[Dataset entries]
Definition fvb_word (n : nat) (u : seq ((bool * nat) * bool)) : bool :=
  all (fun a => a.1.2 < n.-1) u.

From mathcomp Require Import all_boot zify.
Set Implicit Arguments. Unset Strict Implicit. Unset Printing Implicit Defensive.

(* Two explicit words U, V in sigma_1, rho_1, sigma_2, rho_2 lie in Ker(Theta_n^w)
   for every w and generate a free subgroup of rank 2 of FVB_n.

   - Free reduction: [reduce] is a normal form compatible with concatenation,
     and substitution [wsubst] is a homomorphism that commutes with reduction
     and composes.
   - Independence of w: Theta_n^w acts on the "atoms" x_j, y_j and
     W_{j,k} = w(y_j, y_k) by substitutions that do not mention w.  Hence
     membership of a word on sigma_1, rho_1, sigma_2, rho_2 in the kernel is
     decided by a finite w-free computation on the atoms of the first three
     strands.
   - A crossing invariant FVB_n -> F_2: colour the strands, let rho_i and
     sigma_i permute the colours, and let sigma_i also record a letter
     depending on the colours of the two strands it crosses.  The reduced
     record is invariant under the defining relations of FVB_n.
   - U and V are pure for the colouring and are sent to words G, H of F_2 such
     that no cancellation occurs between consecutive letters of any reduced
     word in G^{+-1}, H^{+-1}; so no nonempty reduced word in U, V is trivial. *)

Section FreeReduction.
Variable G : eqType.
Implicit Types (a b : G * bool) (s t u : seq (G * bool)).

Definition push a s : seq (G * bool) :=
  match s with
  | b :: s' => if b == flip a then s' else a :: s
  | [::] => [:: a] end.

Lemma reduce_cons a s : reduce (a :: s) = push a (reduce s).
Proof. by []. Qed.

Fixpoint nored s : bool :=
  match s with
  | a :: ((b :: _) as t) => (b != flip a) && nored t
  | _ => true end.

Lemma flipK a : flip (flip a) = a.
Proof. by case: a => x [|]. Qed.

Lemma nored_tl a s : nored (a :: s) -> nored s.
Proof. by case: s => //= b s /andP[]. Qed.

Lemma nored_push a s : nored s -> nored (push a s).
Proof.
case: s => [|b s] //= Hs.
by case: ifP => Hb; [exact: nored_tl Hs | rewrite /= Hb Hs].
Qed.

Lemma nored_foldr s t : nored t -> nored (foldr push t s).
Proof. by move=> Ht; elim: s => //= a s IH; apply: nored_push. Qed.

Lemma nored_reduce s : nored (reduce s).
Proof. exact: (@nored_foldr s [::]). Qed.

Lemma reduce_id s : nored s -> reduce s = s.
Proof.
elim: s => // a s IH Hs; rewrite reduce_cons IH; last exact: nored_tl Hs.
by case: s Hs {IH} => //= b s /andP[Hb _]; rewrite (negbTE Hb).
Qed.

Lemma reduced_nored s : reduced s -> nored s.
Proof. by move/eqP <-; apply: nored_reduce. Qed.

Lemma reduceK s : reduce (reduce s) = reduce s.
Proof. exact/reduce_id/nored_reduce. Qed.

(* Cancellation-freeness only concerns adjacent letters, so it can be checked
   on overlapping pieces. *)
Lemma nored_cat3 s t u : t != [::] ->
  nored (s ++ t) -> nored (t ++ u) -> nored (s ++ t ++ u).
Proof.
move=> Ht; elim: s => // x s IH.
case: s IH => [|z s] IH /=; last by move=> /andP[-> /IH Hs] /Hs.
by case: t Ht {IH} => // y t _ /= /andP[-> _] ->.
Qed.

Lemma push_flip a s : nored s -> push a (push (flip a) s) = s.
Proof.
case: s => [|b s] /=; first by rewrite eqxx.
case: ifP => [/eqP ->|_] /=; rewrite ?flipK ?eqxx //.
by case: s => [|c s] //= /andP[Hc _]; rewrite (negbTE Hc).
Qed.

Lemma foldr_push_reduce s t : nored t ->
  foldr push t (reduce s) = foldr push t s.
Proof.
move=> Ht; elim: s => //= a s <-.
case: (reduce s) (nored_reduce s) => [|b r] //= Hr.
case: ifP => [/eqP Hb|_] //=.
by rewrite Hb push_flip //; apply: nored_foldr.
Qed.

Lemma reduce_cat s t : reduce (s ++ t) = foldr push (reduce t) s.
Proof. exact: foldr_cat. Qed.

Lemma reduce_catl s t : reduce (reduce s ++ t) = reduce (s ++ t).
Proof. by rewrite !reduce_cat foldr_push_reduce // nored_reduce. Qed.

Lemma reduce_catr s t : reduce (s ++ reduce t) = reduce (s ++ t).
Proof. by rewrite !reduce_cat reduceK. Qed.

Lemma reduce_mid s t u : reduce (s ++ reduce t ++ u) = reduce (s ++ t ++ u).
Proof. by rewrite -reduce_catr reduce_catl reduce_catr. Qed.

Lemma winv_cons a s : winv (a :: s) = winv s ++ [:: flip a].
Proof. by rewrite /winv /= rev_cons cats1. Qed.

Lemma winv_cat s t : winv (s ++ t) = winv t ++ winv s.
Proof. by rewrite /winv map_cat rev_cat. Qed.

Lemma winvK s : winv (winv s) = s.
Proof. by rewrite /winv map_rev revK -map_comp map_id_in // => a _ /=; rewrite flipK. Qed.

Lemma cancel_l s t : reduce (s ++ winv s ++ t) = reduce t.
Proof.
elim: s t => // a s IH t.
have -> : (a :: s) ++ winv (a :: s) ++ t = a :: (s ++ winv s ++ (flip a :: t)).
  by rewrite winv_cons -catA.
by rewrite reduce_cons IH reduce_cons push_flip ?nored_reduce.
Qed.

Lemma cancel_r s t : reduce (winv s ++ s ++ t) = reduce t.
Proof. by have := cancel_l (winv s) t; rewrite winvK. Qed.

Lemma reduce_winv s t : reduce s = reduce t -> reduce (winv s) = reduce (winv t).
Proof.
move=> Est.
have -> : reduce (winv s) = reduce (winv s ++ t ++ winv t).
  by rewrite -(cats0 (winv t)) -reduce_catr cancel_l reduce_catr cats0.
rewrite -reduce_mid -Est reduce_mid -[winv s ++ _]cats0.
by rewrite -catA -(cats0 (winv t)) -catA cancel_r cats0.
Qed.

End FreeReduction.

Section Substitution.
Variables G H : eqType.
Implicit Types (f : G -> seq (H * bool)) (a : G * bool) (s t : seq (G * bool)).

What the exercise asks: Taking the records above line by line, count those that hold the word "colours"; the number is the entire answer.

Answer to this task: 2